Маска конквистадора была попыткой во что бы то ни стало утвердить себя, и не только утвердить, но сделать себя вопреки своей среде и собственным невыигрышным данным. Дело в том, что в юности и позже Гумилев, по воспоминаниям людей, его хорошо знавших, был некрасив и непривлекателен: вытянутая голова, рыхлые черты лица, толстые бледные губы, бесцветные волосы, косящие глаза, шепелявость. Поэзия, как это нередко бывает, скрыла себя за чертами явно непоэтическими. Сказка Андерсена о гадком утенке словно решила повторить себя в судьбе царскосельского поэта.

Именно этот «сюжет» и имела в виду Ахматова, когда писала о Гумилеве:

Только, ставши лебедем надменным,

Изменился серый лебеденок…

(«В ремешках пенал и книги были,..»).

 

Серому лебеденку не терпелось стать лебедем. Ему шел двадцатый год, а он все еще учился в гимназии. Вот почему понадобилась маска, роль, грим, а вместе с ними и прочие элементы звонкого романтического репертуара. В пору «Пути конквистадоров» он брал из этого реквизита просто напрокат, но потом кое-что так и пристало к нему, в том числе актерство, любовь к позе, к риску, приключениям. В конце жизни все это очень дорого обошлось Гумилеву, замешавшему себя в заговор, но в юности романтические плащи и мечты казались удивительно красивыми, а главное, совершенно необходимыми.

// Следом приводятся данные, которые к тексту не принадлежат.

(* Let $\rho$ be a state on $\mathbb{C}^M\otimes\mathbb{C}^N$, fix an orthonormal basis $\{|f_n\rangle\}$ of $\mathbb{C}^N$ and a positive integer $K$ such that $\rho$ admits a decomposition into $K$ rank-one terms. The following are equivalent: (a) $\rho$ is $K$-separable; (b) there is an orthonormal basis $\{|e_m\rangle\}$ of $\mathbb{C}^M$ such that for every decomposition $\rho=\sum_{l=1}^K|\Phi_l\rangle\langle\Phi_l|$, with Gram vectors $w''_{mn}\in\mathbb{C}^K$, $w''^{\,l}_{mn}=\langle\Phi_l|e_m\otimes f_n\rangle$, there exist $K\times K$ matrices $M_{mk}$ ($m,k=1,\dots,M$), each normal and all pairwise commuting, such that $M_{mk}w''_{kn}=w''_{mn}$ for all $m,k\in\{1,\dots,M\}$, $n\in\{1,\dots,N\}$; (c) for some orthonormal basis $\{|e_m\rangle\}$ of $\mathbb{C}^M$ and some decomposition $\rho=\sum_{l=1}^K|\Phi_l\rangle\langle\Phi_l|$, there exist pairwise commuting normal $K\times K$ matrices $M_{mk}$ with $M_{mk}w''_{kn}=w''_{mn}$ for all $m,k,n$, where $w''_{mn}$ are defined as in (b).
   Context: A state $\rho$ is $K$-separable if $\rho=\sum_{l=1}^K|\varphi_l\otimes\psi_l\rangle\langle\varphi_l\otimes\psi_l|$ for some vectors $|\varphi_l\rangle\in\mathbb{C}^M$, $|\psi_l\rangle\in\mathbb{C}^N$ (a decomposition into $K$ rank-one product terms). A matrix $X$ is normal if $XX^\dagger=X^\dagger X$. *)

From HB Require Import structures.
From mathcomp Require Import all_boot all_order all_algebra.
Set Implicit Arguments. Unset Strict Implicit. Unset Printing Implicit Defensive.
Import Order.TTheory GRing.Theory Num.Theory.
Local Open Scope ring_scope.

Section QDefs.
Variable C : numClosedFieldType.

Definition adjmx m n (A : 'M[C]_(m, n)) : 'M[C]_(n, m) := map_mx Num.conj A^T.

(* tensor product of column vectors: (phi (x) psi)_(mxvec_index i j) = phi_i psi_j *)
Definition tensv M N (phi : 'cV[C]_M) (psi : 'cV[C]_N) : 'cV[C]_(M * N) :=
  (mxvec (phi *m psi^T))^T.

Definition proj1 n (v : 'cV[C]_n) : 'M[C]_n := v *m adjmx v.

Definition is_state n (rho : 'M[C]_n) : Prop :=
  [/\ adjmx rho = rho,
      forall v : 'cV[C]_n, 0 <= (adjmx v *m rho *m v) 0 0
    & \tr rho = 1].

Definition is_decomp n K (rho : 'M[C]_n) (Phi : 'I_K -> 'cV[C]_n) : Prop :=
  rho = \sum_(l < K) proj1 (Phi l).

Definition K_separable M N K (rho : 'M[C]_(M * N)) : Prop :=
  exists (phi : 'I_K -> 'cV[C]_M) (psi : 'I_K -> 'cV[C]_N),
    rho = \sum_(l < K) proj1 (tensv (phi l) (psi l)).

(* the columns of E form an orthonormal basis of C^n *)
Definition is_onb n (E : 'M[C]_n) : Prop := adjmx E *m E = 1%:M.

Definition gramv M N K (Phi : 'I_K -> 'cV[C]_(M * N)) (E : 'M[C]_M) (F : 'M[C]_N)
  (m : 'I_M) (n : 'I_N) : 'cV[C]_K :=
  \col_(l < K) (adjmx (Phi l) *m tensv (col m E) (col n F)) 0 0.

Definition commuting_normal_cond M N K (Phi : 'I_K -> 'cV[C]_(M * N))
  (E : 'M[C]_M) (F : 'M[C]_N) : Prop :=
  exists Mx : 'I_M -> 'I_M -> 'M[C]_K,
    [/\ forall m k, Mx m k *m adjmx (Mx m k) = adjmx (Mx m k) *m Mx m k,
        forall m k m' k', Mx m k *m Mx m' k' = Mx m' k' *m Mx m k
      & forall m k n, Mx m k *m gramv Phi E F k n = gramv Phi E F m n].

End QDefs.

From mathcomp Require Import all_boot all_order all_algebra.
Set Implicit Arguments. Unset Strict Implicit. Unset Printing Implicit Defensive.
Import Order.TTheory GRing.Theory Num.Theory Num.Def.
Local Open Scope ring_scope.
Local Open Scope sesquilinear_scope.

(* A decomposition rho = sum_l |Phi_l><Phi_l| is encoded by the matrix
   decomp_mx Phi whose columns are the Phi_l, so that rho is its Gram matrix.
   (a) => (b): if rho = sum_l |phi_l (x) psi_l><phi_l (x) psi_l|, pick an
   orthonormal basis E of C^M along which no nonzero phi_l has a vanishing
   coordinate (a generic rotation of a unitary without zero entries).  Every
   decomposition differs from the product one by a unitary U (unitary
   freedom), so its Gram vectors are U^t* applied to the vectors with
   entries <phi_l|e_m><psi_l|f_n>, and M_mk = U^t* diag(ratios) U works.
   (b) => (c) is immediate.  (c) => (a): commuting normal matrices are
   simultaneously unitarily diagonalizable (Schur cotriangularization plus
   "triangular and normal implies diagonal"); after rotating the
   decomposition the relations M_mk w_kn = w_mn become scalar, and they say
   that every rotated vector has product coordinates on the basis e_m (x) f_n. *)

Section Adjoint.
Variable C : numClosedFieldType.

Lemma adjmxM m n p (A : 'M[C]_(m, n)) (B : 'M[C]_(n, p)) :
  (A *m B)^t* = B^t* *m A^t*.
Proof. by rewrite trmx_mul map_mxM. Qed.

Lemma adjmxD m n (A B : 'M[C]_(m, n)) : (A + B)^t* = A^t* + B^t*.
Proof. by rewrite linearD /= map_mxD. Qed.

Lemma adjmx0 m n : (0 : 'M[C]_(m, n))^t* = 0.
Proof. by rewrite trmx0 map_mx0. Qed.

Lemma unitarymx_tK n (U : 'M[C]_n) : U \is unitarymx -> U^t* *m U = 1%:M.
Proof. by move=> /unitarymxP /mulmx1C. Qed.

Lemma gram_eq0 m n (A : 'M[C]_(m, n)) : A *m A^t* = 0 -> A = 0.
Proof.
move=> AA0; apply/matrixP => i j; rewrite mxE.
have /matrixP /(_ i i) := AA0; rewrite !mxE => /eqP.
rewrite psumr_eq0 => [/allP /(_ j (mem_index_enum _))|k _]; last first.
  by rewrite !mxE mul_conjC_ge0.
by rewrite /= !mxE mul_conjC_eq0 => /eqP.
Qed.

Lemma row_col_entry m n p (A : 'M[C]_(m, n)) (B : 'M[C]_(n, p)) i j :
  (row i A *m col j B) 0 0 = (A *m B) i j.
Proof. by rewrite !mxE; apply: eq_bigr => k _; rewrite !mxE. Qed.

Lemma row_adj m n (A : 'M[C]_(m, n)) (i : 'I_n) : row i (A^t*) = (col i A)^t*.
Proof. by rewrite -map_row tr_col. Qed.

Lemma adj_col_entry m K (A : 'M[C]_(m, K)) (v : 'cV[C]_m) (k : 'I_K) :
  (A^t* *m v) k 0 = ((col k A)^t* *m v) 0 0.
Proof. by rewrite !mxE; apply: eq_bigr => i _; rewrite !mxE. Qed.

Lemma onb_coord m (E : 'M[C]_m) (c : 'cV[C]_m) i :
  E^t* *m E = 1%:M -> ((col i E)^t* *m (E *m c)) 0 0 = c i 0.
Proof. by move=> EE; rewrite -adj_col_entry mulmxA EE mul1mx. Qed.

Lemma dot_conj n (a b : 'cV[C]_n) : ((a^t* *m b) 0 0)^* = (b^t* *m a) 0 0.
Proof.
rewrite !mxE rmorph_sum; apply: eq_bigr => i _.
by rewrite !mxE rmorphM /= conjCK mulrC.
Qed.

End Adjoint.

Section SimultaneousDiagonalization.
Variable C : numClosedFieldType.

Lemma normal_row_col_norm n (T : 'M[C]_n) j : T *m T^t* = T^t* *m T ->
  \sum_l `|T j l| ^+ 2 = \sum_i `|T i j| ^+ 2.
Proof.
move=> /matrixP /(_ j j); rewrite !mxE => Tjj.
transitivity (\sum_l T j l * (T^t*) l j).
  by apply: eq_bigr => l _; rewrite normCK !mxE.
by rewrite Tjj; apply: eq_bigr => i _; rewrite normCK !mxE mulrC.
Qed.

(* A (lower) triangular normal matrix is diagonal: by induction on j, row j
   vanishes off the diagonal, so by normality so does column j. *)
Lemma trig_normal_diag n (T : 'M[C]_n) :
  is_trig_mx T -> T *m T^t* = T^t* *m T -> is_diag_mx T.
Proof.
move=> /is_trig_mxP Ttrig Tnormal.
have col_diag k (j : 'I_n) : (j < k)%N -> forall i, i != j -> T i j = 0.
  elim: k j => [//|k IH] j; rewrite ltnS leq_eqVlt => /predU1P[jk|]; last exact: IH.
  have row_diag l : l != j -> T j l = 0.
    move=> lj; case: (ltngtP j l) => [jl|lj'|/val_inj ej]; first exact: Ttrig.
      by apply: (IH l); [rewrite -jk | rewrite eq_sym].
    by rewrite ej eqxx in lj.
  have := normal_row_col_norm j Tnormal.
  rewrite (bigD1 j) //= big1 => [|l lj]; last by rewrite row_diag ?normr0 ?expr0n.
  rewrite [RHS](bigD1 j) //= => /addrI /esym /eqP.
  rewrite psumr_eq0 => [/allP offdiag i ij|i _]; last exact: exprn_ge0.
  by have := offdiag i (mem_index_enum _); rewrite ij expf_eq0 normr_eq0 => /eqP.
apply/is_diag_mxP => i j; exact: (col_diag j.+1 j (ltnSn j)).
Qed.

(* Pairwise commuting normal matrices are simultaneously unitarily
   diagonalizable: cotriangularize them (Schur) and apply the lemma above. *)
Lemma simultaneous_unitary_diag n (As : seq 'M[C]_n) :
  {in As &, forall A B, comm_mx A B} ->
  {in As, forall A, A *m A^t* = A^t* *m A} ->
  exists2 P : 'M_n, P \is unitarymx &
    {in As, forall A, is_diag_mx (P *m A *m P^t*)}.
Proof.
move=> Acomm Anormal; have [P Pu /allP Ptrig] := cotrigonalization Acomm.
exists P => // A AAs; apply: trig_normal_diag.
  by have := Ptrig A AAs; rewrite /= /similar_to conjymx.
have PtP m (X : 'M_(m, n)) : X *m P^t* *m P = X.
  by rewrite -mulmxA unitarymx_tK // mulmx1.
rewrite !adjmxM !trmxCK !mulmxA !PtP -!mulmxA; congr (_ *m _).
by rewrite !mulmxA Anormal.
Qed.

End SimultaneousDiagonalization.

Section UnitaryFreedom.
Variable C : numClosedFieldType.
Local Notation "B ^!" :=
  (orthomx conjC (mx_of_hermitian (hermitian1mx _)) B) : matrix_set_scope.

Lemma gram_ker n K p (Y Z : 'M[C]_(n, K)) (X : 'M[C]_(p, n)) :
  Y *m Y^t* = Z *m Z^t* -> X *m Y = 0 -> X *m Z = 0.
Proof.
move=> G XY; apply: gram_eq0.
by rewrite adjmxM !mulmxA -(mulmxA X) -G mulmxA XY !mul0mx.
Qed.

Lemma gram_rank n K (Y Z : 'M[C]_(n, K)) :
  Y *m Y^t* = Z *m Z^t* -> \rank Y = \rank Z.
Proof.
move=> G.
have sYZ : (kermx Y <= kermx Z)%MS by apply/sub_kermxP/(gram_ker G)/mulmx_ker.
have sZY : (kermx Z <= kermx Y)%MS by apply/sub_kermxP/(gram_ker (esym G))/mulmx_ker.
have := mxrankS sYZ; have := mxrankS sZY; rewrite !mxrank_ker => le1 le2.
have e : (n - \rank Y = n - \rank Z)%N by apply/eqP; rewrite eqn_leq le1 le2.
by rewrite -(subKn (rank_leq_row Y)) e subKn // rank_leq_row.
Qed.

Lemma schmidt_ortho p K (V : 'M[C]_(p, K)) (W := schmidt (row_base V^!%MS)) :
  V *m W^t* = 0 /\ W *m W^t* = 1%:M.
Proof.
split; last by apply/unitarymxP/schmidt_unitarymx/rank_leq_col.
have : (W <= V^!%MS)%MS.
  by rewrite (eqmx_schmidt_free (row_base_free _)) eq_row_base.
move/sub_kermxP; rewrite mul1mx => WV.
by have := congr1 (fun X => X^t*) WV; rewrite adjmxM trmxCK adjmx0.
Qed.

Section RowSpace.
Variables (K n : nat) (Y : 'M[C]_(n, K)).
Let R := schmidt (row_base Y).
Let W := schmidt (row_base Y^!%MS).

Lemma schmidt_resolution : R^t* *m R + W^t* *m W = 1%:M.
Proof.
have := mulmxKtV (1%:M : 'M_K) (schmidt_complete_unitarymx Y) (add_rank_ortho Y).
by rewrite mul1mx /schmidt_complete tr_col_mx map_row_mx mul_row_col.
Qed.

Lemma schmidt_proj : Y *m R^t* *m R = Y.
Proof.
have YR : (Y <= R)%MS by rewrite (submx_trans _ (schmidt_sub _)) // eq_row_base.
rewrite -[X in X *m _ *m _ = _](mulmxKpV YR) -(mulmxA _ R) (unitarymxP _).
  by rewrite mulmx1 (mulmxKpV YR).
by rewrite /R; exact/schmidt_unitarymx/rank_leq_col.
Qed.

Lemma gram_partial_isometry (Z : 'M[C]_(n, K)) (T := pinvmx Y *m Z) :
  Y *m Y^t* = Z *m Z^t* -> Y *m T = Z /\ R *m T *m (R *m T)^t* = 1%:M.
Proof.
move=> G; have RY : (R <= Y)%MS.
  by rewrite (eqmx_schmidt_free (row_base_free _)) eq_row_base.
split.
  apply/eqP; rewrite mulmxA -subr_eq0 -{2}[Z]mul1mx -mulmxBl; apply/eqP/(gram_ker G).
  by rewrite mulmxBl mul1mx mulmxKpV ?subrr.
rewrite /T mulmxA; set RP := R *m pinvmx Y.
rewrite adjmxM !mulmxA -(mulmxA RP Z) -G mulmxA -(mulmxA (RP *m Y)) -adjmxM.
by rewrite (mulmxKpV RY) (unitarymxP _) // /R; exact/schmidt_unitarymx/rank_leq_col.
Qed.

End RowSpace.

Lemma glue_unitary r s K (R S : 'M[C]_(r, K)) (W W' : 'M[C]_(s, K)) :
  R^t* *m R + W^t* *m W = 1%:M -> S *m S^t* = 1%:M -> W' *m W'^t* = 1%:M ->
  S *m W'^t* = 0 -> R^t* *m S + W^t* *m W' \is unitarymx.
Proof.
move=> RW SS W'W' SW'; have W'S : W' *m S^t* = 0.
  by rewrite -[W']trmxCK -adjmxM SW' adjmx0.
apply/unitarymxP; rewrite adjmxD !adjmxM !trmxCK mulmxDl !mulmxDr !mulmxA.
rewrite -!(mulmxA _ S) -!(mulmxA _ W') SS W'W' SW' W'S.
by rewrite !mulmx0 !mul0mx addr0 add0r !mulmx1.
Qed.

(* Unitary freedom: two n x K matrices with the same Gram matrix differ by a
   K x K unitary: glue the isometry T on the row space of Y with any
   isometry between the orthogonal complements of the row spaces. *)
Lemma unitary_freedom n K (Y Z : 'M[C]_(n, K)) :
  Y *m Y^t* = Z *m Z^t* -> exists2 U : 'M_K, U \is unitarymx & Y *m U = Z.
Proof.
move=> G; pose R := schmidt (row_base Y).
have [YTZ RT] := gram_partial_isometry G; set T := pinvmx Y *m Z in YTZ RT.
have [YW _] := schmidt_ortho Y.
have [W' [ZW' W'W']] : exists W' : 'M_(\rank Y^!, K),
    Z *m W'^t* = 0 /\ W' *m W'^t* = 1%:M.
  have -> : \rank Y^! = \rank Z^! by rewrite !rank_ortho (gram_rank G).
  by exists (schmidt (row_base Z^!%MS)); apply: schmidt_ortho.
have RTW' : R *m T *m W'^t* = 0.
  by rewrite /T -(mulmxA R) -(mulmxA _ Z) ZW' !mulmx0.
exists (R^t* *m (R *m T) + (schmidt (row_base Y^!%MS))^t* *m W').
  exact: glue_unitary (schmidt_resolution Y) RT W'W' RTW'.
rewrite mulmxDr !(mulmxA Y) (mulmxA (Y *m R^t*)) schmidt_proj YTZ YW.
by rewrite mul0mx addr0.
Qed.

В этой, казалось бы, чисто индивидуальной, психологической черте сказывалась не только горячка юности, но – опосредованным образом – сама атмосфера 900-х годов. Не вся, разумеется, атмосфера, уже темневшая в приближавшейся грозе 1905 года, а та, какую искусственно создали и предпочитали дышать ею рафинированные крути декадентской художественной интеллигенции и ее многочисленные подражатели. Пора первоначального формирования Гумилева была временем расцвета русского декаданса. А декадентство, как известно, проявлялось не только в собственно литературе, в том числе в символической поэзии, но было формой мировосприятия и миропонимания, религией чувств и философией мысли. Ставя в центр мира свою личность, поэт был склонен к крайнему индивидуализму, к эпатажу, к броскому и демонстративному подчеркиванию своей неповторимой индивидуальности – даже в одежде, в быту, в поведении. Белые рукава-крылья у Зинаиды Гиппиус, «припадочные», но нередко тщательно рассчитанные на эффект выходки «стихийного гения» Бальмонта, орхидея в петлице человека-речитатива Северянина, «прозрачная маска», приросшая, по словам К. Чуковского, к жилому лицу Саши Черного…

Эпоха накануне цусимской катастрофы, а затем революции 1905 года и ее поражения была по сути своей и героична и трагична: она оказалась чревата глубочайшими социальными переменами. Передовое, реалистическое и демократическое искусство, в котором еще работали корифеи русской классики Л. Толстой и А. Чехов, где уже раздался и набрал силу голос «буревестника революции» М. Горького, – такое искусство противостояло декадентству, и за ним было будущее. Но та часть интеллигенции, что предпочитала дышать и действовать в искусственно созданном воздухе, очищенном от гроз и социального электричества, сознательно уходила в далекое от жизни искусство, а также в новые формы религии и идеалистической философии, как на некий безопасный остров, где посреди вздыбившегося океана празднично справлялись «мистерии духа». Характерно, однако, что вся эта искусственная «карнавальность» была, как правило, проникнута острыми сквознячками горечи и отчаяния, приведшими к подлинной эпидемии самоубийств.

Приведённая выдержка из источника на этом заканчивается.